Below are the records. Retype exactly the lines between the lines holding "(forall a, op a a = a) /\" and "let O := s_zero M in let I := s_one M in", inclusive.

### Information

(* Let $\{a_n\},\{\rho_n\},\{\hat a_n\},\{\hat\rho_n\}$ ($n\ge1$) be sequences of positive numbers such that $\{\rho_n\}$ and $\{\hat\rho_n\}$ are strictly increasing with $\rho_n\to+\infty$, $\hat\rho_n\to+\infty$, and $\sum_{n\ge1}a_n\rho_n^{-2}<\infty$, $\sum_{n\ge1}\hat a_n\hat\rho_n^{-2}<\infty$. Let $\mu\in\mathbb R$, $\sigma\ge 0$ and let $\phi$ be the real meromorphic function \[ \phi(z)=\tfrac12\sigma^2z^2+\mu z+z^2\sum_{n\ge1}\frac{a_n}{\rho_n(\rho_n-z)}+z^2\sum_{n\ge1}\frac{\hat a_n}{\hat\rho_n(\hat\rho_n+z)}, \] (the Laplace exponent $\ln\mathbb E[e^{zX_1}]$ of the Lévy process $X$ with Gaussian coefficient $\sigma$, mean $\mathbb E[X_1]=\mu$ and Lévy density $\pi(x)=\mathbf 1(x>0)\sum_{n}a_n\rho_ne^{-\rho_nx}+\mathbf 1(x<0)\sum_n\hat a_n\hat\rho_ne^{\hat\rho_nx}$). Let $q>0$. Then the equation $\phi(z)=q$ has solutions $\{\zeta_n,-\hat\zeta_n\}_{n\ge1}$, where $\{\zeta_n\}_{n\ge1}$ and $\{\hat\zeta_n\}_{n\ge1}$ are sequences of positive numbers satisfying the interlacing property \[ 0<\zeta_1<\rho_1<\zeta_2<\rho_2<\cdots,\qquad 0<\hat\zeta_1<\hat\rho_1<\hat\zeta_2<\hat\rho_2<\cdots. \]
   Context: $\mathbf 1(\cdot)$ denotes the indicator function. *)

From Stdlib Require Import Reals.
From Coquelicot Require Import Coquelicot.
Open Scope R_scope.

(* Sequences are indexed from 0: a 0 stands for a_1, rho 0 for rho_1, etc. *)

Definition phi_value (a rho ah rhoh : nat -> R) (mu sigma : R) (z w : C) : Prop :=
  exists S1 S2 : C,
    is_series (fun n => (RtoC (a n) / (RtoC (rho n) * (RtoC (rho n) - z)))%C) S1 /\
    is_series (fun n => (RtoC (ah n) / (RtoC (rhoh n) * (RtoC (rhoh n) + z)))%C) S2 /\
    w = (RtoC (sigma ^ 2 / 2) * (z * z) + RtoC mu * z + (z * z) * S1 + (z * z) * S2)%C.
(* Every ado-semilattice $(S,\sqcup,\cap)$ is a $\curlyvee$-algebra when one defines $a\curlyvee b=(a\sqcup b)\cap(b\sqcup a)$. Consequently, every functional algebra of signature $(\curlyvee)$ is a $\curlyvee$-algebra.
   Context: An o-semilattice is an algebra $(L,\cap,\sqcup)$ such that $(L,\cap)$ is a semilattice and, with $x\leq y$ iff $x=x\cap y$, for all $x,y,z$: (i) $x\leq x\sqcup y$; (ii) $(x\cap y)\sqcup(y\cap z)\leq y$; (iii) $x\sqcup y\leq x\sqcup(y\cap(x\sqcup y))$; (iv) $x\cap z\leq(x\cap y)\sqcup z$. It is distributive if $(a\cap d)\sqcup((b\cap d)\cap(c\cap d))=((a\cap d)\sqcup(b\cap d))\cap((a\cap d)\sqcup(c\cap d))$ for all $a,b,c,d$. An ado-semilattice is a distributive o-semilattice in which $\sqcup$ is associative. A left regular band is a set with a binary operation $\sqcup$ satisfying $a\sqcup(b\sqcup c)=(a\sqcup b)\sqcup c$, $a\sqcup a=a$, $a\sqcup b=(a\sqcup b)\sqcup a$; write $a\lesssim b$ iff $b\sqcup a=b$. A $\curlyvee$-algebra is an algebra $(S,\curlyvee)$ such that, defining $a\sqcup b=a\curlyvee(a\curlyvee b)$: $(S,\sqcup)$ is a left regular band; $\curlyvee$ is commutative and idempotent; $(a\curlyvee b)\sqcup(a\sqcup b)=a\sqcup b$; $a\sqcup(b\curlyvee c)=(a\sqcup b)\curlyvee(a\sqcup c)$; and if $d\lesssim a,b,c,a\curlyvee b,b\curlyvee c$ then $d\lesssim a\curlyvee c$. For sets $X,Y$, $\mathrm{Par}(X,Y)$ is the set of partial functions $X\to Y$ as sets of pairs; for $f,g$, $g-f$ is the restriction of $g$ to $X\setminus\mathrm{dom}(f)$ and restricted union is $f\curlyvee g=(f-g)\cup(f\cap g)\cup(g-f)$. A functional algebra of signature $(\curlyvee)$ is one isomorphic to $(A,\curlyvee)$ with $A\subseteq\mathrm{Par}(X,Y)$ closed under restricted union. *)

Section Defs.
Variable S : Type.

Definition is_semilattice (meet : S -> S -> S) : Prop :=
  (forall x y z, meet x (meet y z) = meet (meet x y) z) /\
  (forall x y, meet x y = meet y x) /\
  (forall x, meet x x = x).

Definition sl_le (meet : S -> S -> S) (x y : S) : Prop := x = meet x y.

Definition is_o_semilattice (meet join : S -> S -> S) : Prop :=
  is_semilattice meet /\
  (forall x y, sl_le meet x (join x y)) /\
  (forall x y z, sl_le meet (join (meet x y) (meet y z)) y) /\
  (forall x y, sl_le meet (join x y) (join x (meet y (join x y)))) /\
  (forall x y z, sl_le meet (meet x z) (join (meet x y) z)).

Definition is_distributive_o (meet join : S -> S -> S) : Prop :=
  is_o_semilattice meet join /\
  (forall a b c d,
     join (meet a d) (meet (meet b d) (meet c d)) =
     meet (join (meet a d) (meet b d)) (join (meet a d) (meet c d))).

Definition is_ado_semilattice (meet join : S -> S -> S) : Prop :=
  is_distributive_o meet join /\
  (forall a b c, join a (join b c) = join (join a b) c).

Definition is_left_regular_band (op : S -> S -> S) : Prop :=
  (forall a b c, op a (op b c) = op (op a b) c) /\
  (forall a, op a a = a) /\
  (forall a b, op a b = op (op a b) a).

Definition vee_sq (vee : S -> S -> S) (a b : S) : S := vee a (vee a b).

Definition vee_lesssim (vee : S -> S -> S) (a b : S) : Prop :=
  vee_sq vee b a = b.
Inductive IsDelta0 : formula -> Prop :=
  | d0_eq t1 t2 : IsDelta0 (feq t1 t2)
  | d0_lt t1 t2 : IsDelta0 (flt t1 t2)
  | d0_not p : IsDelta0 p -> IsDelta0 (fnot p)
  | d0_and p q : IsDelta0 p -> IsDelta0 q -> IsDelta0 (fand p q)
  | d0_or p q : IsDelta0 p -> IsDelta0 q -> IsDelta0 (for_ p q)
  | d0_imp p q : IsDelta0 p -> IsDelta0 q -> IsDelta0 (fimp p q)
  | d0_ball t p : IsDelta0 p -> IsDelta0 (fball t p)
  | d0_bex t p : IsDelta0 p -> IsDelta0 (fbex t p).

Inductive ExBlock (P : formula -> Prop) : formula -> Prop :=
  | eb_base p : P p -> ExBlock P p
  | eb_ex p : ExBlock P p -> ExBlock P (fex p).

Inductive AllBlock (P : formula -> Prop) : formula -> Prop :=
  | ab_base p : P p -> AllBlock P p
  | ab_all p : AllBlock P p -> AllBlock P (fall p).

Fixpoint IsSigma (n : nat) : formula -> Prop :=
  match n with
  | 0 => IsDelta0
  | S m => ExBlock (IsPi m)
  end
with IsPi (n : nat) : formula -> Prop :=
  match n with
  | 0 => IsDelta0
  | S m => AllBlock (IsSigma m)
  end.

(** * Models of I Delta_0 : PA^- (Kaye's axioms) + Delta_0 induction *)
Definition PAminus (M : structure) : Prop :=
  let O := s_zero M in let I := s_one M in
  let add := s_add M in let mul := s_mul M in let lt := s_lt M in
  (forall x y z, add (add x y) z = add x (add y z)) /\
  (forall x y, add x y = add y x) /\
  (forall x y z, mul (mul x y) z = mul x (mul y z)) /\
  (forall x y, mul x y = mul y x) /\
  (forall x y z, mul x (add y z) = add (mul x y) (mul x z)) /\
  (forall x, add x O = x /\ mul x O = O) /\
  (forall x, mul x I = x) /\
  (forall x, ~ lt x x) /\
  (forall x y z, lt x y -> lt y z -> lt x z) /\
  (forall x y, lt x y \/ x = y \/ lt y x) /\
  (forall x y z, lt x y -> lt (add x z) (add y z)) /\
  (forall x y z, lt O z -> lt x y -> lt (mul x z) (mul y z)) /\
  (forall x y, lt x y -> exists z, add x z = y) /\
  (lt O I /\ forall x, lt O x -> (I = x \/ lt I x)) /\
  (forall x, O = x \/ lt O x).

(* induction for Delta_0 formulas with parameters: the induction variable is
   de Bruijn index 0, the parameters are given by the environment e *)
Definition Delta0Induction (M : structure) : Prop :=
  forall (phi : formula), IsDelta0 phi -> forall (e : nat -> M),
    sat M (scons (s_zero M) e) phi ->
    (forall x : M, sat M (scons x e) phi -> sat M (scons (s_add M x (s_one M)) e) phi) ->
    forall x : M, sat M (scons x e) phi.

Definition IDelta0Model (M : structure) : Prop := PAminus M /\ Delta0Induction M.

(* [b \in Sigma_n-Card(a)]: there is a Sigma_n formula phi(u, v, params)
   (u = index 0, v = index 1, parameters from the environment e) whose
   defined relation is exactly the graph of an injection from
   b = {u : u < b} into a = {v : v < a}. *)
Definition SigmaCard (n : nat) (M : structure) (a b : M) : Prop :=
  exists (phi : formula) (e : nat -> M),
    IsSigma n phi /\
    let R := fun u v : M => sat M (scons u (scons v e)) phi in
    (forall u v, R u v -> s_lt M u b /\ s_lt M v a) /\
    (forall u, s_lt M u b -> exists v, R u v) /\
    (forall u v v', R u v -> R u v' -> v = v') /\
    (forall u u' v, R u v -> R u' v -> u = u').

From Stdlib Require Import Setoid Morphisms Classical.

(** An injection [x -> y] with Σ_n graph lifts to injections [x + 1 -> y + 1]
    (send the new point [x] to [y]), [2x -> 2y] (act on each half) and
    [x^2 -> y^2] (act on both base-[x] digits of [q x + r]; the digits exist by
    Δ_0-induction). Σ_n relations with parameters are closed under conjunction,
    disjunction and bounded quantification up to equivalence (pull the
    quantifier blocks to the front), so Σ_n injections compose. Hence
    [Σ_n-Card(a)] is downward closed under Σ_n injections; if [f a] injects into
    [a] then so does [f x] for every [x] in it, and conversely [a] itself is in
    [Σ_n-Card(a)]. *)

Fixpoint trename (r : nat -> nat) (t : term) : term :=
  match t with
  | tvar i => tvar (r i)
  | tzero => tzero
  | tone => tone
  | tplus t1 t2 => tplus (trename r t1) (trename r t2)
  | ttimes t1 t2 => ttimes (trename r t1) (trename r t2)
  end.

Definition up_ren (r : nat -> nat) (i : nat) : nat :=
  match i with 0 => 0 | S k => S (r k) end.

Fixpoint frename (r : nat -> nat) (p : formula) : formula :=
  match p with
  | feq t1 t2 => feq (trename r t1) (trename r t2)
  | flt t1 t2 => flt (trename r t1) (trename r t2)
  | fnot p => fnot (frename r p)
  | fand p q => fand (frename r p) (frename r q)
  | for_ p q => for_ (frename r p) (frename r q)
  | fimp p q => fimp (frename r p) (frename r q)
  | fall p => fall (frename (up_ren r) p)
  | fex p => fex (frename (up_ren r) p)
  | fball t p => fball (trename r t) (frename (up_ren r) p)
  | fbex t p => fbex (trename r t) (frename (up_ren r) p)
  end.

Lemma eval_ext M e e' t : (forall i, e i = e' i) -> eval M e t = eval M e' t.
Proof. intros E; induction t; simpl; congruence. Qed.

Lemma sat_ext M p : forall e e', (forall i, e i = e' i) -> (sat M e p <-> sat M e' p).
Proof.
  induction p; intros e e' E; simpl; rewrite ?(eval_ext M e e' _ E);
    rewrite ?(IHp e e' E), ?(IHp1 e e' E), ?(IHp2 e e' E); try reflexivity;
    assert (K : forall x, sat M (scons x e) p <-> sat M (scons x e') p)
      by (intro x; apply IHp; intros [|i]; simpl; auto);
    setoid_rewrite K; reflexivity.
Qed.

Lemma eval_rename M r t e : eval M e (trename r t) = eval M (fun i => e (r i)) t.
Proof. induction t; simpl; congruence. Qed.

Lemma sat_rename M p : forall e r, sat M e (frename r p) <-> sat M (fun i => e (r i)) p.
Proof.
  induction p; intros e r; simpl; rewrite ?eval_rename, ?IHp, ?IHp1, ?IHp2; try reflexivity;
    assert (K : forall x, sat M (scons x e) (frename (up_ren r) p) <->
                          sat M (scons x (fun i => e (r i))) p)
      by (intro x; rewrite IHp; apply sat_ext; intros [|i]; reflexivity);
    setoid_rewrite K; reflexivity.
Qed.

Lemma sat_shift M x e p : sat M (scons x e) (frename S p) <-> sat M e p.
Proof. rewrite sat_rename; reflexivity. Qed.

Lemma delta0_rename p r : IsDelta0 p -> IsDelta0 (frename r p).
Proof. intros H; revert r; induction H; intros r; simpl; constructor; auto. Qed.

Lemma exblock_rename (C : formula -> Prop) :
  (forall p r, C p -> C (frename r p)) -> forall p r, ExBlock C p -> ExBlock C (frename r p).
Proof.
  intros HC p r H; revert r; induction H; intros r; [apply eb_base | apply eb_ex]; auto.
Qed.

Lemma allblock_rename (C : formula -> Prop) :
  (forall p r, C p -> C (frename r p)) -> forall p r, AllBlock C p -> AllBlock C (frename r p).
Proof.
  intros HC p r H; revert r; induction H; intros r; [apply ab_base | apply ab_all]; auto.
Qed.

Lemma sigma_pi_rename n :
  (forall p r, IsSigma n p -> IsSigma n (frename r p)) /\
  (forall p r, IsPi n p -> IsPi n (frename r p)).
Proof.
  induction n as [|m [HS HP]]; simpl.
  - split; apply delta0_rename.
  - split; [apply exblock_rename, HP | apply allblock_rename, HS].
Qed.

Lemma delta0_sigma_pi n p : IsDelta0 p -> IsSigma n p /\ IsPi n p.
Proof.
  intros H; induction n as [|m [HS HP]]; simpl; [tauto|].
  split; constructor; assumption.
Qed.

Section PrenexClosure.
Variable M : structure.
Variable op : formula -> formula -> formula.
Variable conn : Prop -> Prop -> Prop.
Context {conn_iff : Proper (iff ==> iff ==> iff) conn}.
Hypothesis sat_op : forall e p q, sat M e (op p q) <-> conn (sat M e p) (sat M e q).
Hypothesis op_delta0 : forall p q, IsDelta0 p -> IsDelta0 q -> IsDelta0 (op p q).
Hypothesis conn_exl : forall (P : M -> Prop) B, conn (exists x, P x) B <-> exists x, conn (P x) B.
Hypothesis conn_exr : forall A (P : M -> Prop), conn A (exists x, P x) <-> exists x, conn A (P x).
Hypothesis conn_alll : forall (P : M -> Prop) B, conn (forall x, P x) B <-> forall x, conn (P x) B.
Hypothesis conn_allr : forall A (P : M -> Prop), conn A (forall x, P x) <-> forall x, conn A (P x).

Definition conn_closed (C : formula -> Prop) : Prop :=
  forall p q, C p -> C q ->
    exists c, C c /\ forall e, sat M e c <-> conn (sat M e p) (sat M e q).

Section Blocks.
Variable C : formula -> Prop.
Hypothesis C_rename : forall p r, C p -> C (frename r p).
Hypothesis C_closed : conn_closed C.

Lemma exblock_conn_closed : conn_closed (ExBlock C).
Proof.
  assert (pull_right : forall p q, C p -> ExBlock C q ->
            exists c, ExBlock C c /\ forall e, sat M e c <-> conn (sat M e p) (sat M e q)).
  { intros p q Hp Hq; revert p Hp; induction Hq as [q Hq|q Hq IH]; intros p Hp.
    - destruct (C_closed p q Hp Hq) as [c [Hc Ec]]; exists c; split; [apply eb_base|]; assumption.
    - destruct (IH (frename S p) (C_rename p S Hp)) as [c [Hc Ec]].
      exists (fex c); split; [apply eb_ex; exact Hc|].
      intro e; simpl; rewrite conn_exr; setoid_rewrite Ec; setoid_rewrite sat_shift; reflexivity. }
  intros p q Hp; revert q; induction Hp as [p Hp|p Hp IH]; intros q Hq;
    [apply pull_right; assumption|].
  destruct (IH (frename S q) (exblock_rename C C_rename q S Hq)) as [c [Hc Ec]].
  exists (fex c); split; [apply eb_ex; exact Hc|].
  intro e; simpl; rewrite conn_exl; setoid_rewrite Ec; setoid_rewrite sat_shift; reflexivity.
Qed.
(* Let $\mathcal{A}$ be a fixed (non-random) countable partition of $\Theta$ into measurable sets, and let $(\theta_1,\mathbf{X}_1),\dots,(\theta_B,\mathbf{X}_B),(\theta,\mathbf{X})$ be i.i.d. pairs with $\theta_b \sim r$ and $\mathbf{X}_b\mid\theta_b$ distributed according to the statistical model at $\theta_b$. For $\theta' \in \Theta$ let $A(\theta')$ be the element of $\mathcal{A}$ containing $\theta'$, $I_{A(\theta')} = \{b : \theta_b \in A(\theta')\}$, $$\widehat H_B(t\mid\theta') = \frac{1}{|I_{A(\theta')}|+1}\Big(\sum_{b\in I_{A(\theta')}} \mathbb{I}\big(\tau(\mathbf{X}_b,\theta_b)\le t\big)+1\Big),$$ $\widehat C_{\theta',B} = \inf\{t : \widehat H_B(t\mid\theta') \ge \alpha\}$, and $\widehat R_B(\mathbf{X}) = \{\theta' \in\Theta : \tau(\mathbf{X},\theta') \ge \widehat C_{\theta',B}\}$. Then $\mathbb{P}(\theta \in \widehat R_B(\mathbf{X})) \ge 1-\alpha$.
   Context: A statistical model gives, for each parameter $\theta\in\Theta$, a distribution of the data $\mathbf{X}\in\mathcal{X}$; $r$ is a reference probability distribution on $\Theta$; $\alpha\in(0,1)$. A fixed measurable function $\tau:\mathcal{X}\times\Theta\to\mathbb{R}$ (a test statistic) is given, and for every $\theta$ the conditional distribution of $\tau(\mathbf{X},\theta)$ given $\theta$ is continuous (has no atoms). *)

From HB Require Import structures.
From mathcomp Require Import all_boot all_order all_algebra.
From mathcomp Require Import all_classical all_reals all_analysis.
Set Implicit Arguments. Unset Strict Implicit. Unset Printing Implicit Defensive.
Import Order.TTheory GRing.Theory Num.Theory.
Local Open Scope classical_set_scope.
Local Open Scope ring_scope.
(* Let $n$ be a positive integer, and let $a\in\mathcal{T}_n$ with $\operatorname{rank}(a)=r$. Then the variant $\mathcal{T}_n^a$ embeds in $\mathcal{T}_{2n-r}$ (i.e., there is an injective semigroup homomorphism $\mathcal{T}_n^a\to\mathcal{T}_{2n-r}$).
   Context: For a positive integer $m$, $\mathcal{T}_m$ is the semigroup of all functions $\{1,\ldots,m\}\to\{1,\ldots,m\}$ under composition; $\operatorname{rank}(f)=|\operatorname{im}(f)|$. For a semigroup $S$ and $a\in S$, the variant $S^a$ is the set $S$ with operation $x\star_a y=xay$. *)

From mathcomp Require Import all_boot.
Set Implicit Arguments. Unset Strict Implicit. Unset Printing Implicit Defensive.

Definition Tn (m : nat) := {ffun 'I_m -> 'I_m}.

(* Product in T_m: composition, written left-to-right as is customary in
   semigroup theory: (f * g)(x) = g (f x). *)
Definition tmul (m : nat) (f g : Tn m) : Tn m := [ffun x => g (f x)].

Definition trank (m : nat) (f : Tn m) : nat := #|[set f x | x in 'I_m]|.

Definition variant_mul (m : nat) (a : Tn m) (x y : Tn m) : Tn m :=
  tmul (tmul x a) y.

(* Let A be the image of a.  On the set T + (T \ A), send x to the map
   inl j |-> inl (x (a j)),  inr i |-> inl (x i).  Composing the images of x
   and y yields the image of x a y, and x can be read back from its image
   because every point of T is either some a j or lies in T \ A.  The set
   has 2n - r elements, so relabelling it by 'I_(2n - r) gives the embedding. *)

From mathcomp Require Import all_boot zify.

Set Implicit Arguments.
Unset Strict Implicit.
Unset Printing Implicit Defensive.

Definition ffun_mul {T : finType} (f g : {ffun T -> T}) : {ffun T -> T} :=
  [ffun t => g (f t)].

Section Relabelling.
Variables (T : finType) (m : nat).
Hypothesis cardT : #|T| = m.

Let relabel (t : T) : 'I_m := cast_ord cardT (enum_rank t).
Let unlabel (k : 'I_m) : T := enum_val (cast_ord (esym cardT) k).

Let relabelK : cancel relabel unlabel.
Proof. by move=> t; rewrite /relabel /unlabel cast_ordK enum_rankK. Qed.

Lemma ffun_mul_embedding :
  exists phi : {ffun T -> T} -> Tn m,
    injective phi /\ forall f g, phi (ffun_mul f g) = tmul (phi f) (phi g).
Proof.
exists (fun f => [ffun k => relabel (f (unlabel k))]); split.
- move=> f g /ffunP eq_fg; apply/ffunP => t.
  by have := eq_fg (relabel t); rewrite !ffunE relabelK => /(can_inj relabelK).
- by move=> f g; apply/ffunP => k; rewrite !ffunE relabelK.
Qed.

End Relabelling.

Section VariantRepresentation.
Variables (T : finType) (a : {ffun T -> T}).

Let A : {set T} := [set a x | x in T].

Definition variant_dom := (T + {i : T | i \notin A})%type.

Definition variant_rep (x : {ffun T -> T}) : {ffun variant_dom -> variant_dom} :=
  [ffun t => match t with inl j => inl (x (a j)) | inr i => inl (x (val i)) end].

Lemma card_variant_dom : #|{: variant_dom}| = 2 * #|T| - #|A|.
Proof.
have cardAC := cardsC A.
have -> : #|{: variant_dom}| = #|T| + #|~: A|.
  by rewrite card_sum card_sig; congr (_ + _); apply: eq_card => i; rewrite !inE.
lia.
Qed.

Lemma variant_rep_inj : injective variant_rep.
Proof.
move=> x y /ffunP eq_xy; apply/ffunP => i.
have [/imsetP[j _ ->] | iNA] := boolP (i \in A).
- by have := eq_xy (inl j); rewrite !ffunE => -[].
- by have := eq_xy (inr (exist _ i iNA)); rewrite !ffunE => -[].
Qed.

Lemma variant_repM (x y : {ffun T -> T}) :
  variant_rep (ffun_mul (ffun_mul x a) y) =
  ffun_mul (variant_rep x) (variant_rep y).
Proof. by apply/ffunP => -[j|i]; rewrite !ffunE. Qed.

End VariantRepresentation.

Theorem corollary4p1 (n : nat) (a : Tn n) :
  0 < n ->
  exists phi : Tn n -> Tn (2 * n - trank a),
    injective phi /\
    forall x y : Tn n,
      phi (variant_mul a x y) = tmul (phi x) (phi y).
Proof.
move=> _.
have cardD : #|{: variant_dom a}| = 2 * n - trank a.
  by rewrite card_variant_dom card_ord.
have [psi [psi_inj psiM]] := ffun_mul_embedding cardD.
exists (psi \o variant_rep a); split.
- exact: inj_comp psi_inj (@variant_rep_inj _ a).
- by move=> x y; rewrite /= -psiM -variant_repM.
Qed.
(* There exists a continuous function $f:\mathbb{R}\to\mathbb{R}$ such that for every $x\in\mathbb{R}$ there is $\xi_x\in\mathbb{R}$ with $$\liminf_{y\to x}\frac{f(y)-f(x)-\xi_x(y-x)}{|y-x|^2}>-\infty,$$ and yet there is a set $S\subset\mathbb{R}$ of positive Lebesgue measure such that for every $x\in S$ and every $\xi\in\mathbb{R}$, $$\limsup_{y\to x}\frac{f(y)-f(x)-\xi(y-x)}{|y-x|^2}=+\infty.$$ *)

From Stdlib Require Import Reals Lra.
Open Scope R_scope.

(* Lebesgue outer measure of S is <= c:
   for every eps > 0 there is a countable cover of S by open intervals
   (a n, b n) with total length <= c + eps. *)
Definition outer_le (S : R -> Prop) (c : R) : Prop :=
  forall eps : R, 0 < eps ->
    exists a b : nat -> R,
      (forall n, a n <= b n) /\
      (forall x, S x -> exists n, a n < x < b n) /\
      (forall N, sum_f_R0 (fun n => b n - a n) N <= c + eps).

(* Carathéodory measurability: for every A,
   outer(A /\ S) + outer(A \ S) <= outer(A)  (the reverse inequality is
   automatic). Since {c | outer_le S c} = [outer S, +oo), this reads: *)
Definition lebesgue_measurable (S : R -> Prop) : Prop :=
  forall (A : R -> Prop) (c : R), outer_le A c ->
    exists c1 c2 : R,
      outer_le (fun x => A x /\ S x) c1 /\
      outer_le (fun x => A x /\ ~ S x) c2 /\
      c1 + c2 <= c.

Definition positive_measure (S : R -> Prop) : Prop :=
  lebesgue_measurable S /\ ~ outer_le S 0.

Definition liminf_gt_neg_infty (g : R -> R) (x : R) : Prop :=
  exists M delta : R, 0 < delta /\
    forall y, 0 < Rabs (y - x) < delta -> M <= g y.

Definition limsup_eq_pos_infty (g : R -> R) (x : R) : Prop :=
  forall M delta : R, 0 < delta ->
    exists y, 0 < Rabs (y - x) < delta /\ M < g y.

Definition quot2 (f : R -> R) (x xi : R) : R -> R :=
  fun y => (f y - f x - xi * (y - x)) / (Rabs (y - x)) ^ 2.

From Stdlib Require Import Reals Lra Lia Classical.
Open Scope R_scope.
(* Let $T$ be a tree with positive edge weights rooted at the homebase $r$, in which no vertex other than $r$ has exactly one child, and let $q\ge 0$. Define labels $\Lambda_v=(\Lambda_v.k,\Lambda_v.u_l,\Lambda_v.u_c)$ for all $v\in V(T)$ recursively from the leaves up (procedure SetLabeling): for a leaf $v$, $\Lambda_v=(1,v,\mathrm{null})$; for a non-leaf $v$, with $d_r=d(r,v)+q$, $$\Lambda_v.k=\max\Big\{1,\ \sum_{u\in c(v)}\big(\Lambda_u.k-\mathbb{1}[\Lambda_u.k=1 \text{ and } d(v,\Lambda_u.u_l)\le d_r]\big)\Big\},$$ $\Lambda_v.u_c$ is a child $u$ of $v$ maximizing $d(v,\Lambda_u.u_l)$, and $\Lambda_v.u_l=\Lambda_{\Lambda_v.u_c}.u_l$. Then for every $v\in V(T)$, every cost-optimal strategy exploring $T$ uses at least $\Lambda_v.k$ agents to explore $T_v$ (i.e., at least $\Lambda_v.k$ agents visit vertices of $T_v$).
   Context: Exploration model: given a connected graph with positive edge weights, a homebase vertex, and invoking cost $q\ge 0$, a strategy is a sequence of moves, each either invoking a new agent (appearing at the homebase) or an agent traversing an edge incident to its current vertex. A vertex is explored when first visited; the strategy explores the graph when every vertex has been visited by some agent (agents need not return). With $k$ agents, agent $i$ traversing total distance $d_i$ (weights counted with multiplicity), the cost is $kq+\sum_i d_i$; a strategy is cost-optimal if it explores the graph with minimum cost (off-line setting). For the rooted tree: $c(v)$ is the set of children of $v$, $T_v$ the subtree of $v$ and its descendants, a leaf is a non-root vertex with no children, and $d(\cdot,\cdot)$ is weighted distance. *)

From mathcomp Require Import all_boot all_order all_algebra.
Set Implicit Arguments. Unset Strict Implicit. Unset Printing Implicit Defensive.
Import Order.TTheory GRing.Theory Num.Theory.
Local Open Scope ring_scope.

######

Exercise answer:
  (forall a, op a a = a) /\
  (forall a b, op a b = op (op a b) a).

Definition vee_sq (vee : S -> S -> S) (a b : S) : S := vee a (vee a b).

Definition vee_lesssim (vee : S -> S -> S) (a b : S) : Prop :=
  vee_sq vee b a = b.
Inductive IsDelta0 : formula -> Prop :=
  | d0_eq t1 t2 : IsDelta0 (feq t1 t2)
  | d0_lt t1 t2 : IsDelta0 (flt t1 t2)
  | d0_not p : IsDelta0 p -> IsDelta0 (fnot p)
  | d0_and p q : IsDelta0 p -> IsDelta0 q -> IsDelta0 (fand p q)
  | d0_or p q : IsDelta0 p -> IsDelta0 q -> IsDelta0 (for_ p q)
  | d0_imp p q : IsDelta0 p -> IsDelta0 q -> IsDelta0 (fimp p q)
  | d0_ball t p : IsDelta0 p -> IsDelta0 (fball t p)
  | d0_bex t p : IsDelta0 p -> IsDelta0 (fbex t p).

Inductive ExBlock (P : formula -> Prop) : formula -> Prop :=
  | eb_base p : P p -> ExBlock P p
  | eb_ex p : ExBlock P p -> ExBlock P (fex p).

Inductive AllBlock (P : formula -> Prop) : formula -> Prop :=
  | ab_base p : P p -> AllBlock P p
  | ab_all p : AllBlock P p -> AllBlock P (fall p).

Fixpoint IsSigma (n : nat) : formula -> Prop :=
  match n with
  | 0 => IsDelta0
  | S m => ExBlock (IsPi m)
  end
with IsPi (n : nat) : formula -> Prop :=
  match n with
  | 0 => IsDelta0
  | S m => AllBlock (IsSigma m)
  end.

(** * Models of I Delta_0 : PA^- (Kaye's axioms) + Delta_0 induction *)
Definition PAminus (M : structure) : Prop :=
  let O := s_zero M in let I := s_one M in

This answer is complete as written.